== Exercise goal ==
When the line containing "Rf C f c' n'" appears in the data below, begin copying there and stop only after the line containing "Proof. unfold Lf.".
--- --- ---
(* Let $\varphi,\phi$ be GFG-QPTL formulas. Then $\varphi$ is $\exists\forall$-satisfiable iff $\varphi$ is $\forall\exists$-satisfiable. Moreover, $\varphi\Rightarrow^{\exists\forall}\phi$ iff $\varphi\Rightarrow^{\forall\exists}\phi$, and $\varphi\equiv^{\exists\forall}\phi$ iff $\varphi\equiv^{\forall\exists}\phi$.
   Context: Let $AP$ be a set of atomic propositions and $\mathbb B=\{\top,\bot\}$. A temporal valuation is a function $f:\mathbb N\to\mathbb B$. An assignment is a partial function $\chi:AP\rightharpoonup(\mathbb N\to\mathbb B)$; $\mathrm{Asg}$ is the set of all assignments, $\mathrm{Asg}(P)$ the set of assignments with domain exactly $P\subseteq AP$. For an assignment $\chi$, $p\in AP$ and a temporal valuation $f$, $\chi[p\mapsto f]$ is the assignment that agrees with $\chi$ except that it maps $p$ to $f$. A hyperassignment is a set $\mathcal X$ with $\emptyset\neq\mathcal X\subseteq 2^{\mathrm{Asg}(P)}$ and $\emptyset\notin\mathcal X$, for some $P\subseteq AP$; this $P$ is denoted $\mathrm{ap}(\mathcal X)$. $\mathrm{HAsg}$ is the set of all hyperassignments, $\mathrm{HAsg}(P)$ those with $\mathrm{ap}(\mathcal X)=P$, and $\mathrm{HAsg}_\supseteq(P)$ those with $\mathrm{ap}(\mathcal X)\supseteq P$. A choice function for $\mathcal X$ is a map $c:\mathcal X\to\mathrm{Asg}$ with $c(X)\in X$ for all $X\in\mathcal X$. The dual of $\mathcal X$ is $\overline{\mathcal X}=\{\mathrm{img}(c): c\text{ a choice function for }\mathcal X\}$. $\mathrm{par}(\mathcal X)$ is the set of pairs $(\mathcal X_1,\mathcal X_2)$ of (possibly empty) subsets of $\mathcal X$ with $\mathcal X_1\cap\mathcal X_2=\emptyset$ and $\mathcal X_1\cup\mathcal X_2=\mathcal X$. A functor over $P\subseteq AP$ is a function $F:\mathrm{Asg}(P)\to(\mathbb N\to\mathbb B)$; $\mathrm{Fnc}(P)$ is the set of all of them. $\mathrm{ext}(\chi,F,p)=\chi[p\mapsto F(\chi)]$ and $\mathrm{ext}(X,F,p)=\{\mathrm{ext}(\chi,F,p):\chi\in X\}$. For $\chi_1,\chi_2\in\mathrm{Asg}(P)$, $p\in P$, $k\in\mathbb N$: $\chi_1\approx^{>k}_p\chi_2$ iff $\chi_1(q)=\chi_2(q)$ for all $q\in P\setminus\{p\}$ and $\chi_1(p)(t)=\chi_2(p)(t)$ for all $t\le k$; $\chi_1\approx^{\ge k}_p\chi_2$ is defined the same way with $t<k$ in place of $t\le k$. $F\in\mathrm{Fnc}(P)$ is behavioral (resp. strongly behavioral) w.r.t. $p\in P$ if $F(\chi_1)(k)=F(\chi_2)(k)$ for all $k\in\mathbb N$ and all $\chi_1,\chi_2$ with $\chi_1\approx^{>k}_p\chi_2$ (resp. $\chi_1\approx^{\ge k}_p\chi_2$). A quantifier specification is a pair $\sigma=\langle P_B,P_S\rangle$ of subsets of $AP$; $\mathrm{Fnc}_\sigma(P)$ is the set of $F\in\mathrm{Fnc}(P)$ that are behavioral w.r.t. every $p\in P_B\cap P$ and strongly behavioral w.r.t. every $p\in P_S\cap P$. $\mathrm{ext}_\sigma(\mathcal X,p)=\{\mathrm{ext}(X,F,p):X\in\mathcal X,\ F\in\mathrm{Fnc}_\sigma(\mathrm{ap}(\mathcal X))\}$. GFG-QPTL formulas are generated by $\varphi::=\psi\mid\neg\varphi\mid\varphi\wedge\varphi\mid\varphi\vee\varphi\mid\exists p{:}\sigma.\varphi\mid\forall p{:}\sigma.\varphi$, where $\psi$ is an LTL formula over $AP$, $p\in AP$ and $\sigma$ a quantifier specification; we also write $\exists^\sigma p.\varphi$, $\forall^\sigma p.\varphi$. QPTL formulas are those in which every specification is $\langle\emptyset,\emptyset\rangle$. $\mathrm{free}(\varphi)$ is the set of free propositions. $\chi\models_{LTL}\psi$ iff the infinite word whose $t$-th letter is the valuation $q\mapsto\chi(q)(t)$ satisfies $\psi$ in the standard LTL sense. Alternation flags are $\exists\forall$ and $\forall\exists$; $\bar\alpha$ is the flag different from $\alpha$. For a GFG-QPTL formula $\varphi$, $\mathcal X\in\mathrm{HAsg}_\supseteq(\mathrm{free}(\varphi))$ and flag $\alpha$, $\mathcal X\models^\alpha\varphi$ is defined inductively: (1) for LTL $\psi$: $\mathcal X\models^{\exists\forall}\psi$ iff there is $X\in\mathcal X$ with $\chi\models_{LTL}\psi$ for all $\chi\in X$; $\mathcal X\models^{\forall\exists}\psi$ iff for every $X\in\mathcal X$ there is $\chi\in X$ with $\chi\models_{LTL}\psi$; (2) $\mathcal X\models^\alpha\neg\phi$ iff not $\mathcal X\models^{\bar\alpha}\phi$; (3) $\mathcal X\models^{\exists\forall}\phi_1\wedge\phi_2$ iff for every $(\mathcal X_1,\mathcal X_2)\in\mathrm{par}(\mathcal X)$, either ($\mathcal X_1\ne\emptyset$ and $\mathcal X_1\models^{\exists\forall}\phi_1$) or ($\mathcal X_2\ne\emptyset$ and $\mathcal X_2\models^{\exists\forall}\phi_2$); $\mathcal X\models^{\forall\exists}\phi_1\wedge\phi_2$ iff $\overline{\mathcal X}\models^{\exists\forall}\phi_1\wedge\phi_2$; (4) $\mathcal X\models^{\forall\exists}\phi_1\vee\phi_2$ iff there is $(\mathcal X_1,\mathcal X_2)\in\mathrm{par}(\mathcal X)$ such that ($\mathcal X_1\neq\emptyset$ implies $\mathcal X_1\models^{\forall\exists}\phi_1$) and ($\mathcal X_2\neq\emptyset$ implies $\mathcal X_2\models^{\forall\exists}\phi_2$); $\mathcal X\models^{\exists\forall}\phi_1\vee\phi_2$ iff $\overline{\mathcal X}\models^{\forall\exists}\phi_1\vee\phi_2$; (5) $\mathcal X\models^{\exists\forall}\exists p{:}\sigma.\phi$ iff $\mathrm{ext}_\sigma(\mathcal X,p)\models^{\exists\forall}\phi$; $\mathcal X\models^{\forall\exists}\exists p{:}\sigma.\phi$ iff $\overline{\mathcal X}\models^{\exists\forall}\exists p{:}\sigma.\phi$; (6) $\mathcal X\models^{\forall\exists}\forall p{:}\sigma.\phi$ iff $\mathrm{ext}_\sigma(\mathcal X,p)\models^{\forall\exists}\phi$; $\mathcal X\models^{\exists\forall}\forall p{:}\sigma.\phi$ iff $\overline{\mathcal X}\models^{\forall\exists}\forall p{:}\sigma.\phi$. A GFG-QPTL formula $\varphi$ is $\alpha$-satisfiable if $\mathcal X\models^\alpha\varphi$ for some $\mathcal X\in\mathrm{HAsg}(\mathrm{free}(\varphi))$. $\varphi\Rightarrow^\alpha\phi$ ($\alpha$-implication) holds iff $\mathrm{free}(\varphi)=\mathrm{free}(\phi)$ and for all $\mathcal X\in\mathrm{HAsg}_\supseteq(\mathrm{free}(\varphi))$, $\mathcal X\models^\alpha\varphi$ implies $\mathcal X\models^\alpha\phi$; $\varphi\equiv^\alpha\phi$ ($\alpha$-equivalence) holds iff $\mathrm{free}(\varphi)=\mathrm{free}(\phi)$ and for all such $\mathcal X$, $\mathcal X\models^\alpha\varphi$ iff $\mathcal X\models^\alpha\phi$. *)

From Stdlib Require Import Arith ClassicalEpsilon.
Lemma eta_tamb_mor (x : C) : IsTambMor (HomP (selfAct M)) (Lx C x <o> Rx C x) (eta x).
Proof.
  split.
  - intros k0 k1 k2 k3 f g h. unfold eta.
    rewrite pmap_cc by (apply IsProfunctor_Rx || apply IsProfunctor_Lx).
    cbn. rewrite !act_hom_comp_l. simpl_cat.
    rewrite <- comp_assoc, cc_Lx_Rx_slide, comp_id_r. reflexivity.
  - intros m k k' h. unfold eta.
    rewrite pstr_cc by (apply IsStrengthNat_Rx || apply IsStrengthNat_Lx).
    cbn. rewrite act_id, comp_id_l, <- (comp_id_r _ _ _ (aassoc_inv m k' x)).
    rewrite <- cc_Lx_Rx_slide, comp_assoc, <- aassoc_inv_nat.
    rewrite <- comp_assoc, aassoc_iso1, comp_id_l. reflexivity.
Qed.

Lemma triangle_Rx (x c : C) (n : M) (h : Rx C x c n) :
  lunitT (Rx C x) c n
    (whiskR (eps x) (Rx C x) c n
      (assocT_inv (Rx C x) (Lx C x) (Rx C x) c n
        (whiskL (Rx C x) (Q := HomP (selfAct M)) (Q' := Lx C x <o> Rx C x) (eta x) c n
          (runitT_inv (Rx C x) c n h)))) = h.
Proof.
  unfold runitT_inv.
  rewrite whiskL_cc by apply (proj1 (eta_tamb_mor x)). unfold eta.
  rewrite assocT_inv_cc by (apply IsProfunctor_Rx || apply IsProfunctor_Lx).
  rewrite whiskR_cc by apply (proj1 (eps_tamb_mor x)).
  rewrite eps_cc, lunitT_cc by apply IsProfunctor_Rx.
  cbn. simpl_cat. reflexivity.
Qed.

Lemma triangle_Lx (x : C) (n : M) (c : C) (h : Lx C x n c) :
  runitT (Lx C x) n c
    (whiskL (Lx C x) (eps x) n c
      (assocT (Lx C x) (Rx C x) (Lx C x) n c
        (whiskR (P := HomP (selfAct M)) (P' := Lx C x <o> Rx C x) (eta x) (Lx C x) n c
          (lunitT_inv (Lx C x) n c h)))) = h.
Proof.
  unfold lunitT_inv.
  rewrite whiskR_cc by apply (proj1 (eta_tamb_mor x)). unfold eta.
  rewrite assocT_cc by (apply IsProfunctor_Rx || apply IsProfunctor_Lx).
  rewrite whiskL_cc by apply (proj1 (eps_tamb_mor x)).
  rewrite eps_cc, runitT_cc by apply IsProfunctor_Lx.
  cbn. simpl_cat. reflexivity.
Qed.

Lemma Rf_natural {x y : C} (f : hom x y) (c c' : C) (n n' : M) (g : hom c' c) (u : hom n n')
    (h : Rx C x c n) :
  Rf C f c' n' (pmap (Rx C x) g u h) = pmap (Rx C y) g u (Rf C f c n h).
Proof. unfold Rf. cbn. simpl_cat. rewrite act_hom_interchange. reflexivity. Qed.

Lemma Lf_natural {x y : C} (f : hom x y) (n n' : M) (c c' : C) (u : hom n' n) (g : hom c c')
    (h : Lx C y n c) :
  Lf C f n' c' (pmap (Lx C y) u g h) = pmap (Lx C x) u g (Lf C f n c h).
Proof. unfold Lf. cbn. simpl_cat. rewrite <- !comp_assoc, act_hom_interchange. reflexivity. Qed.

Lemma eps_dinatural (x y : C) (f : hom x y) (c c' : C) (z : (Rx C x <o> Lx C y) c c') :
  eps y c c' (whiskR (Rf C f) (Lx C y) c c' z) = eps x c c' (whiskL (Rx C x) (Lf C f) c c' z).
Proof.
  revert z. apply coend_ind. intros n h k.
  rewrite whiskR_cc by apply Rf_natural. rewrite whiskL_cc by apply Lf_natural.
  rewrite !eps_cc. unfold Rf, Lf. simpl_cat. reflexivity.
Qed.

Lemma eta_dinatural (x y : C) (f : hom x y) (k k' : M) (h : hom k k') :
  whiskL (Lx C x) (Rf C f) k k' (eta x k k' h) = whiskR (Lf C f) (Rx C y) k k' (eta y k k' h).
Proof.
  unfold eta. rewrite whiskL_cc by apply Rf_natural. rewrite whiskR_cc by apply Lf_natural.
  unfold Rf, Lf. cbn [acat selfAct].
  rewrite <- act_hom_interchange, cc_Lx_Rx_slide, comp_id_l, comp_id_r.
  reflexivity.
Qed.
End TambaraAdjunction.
--- --- ---
== Your response ==
  Rf C f c' n' (pmap (Rx C x) g u h) = pmap (Rx C y) g u (Rf C f c n h).
Proof. unfold Rf. cbn. simpl_cat. rewrite act_hom_interchange. reflexivity. Qed.

Lemma Lf_natural {x y : C} (f : hom x y) (n n' : M) (c c' : C) (u : hom n' n) (g : hom c c')
    (h : Lx C y n c) :
  Lf C f n' c' (pmap (Lx C y) u g h) = pmap (Lx C x) u g (Lf C f n c h).
Proof. unfold Lf. cbn. simpl_cat. rewrite <- !comp_assoc, act_hom_interchange. reflexivity. Qed.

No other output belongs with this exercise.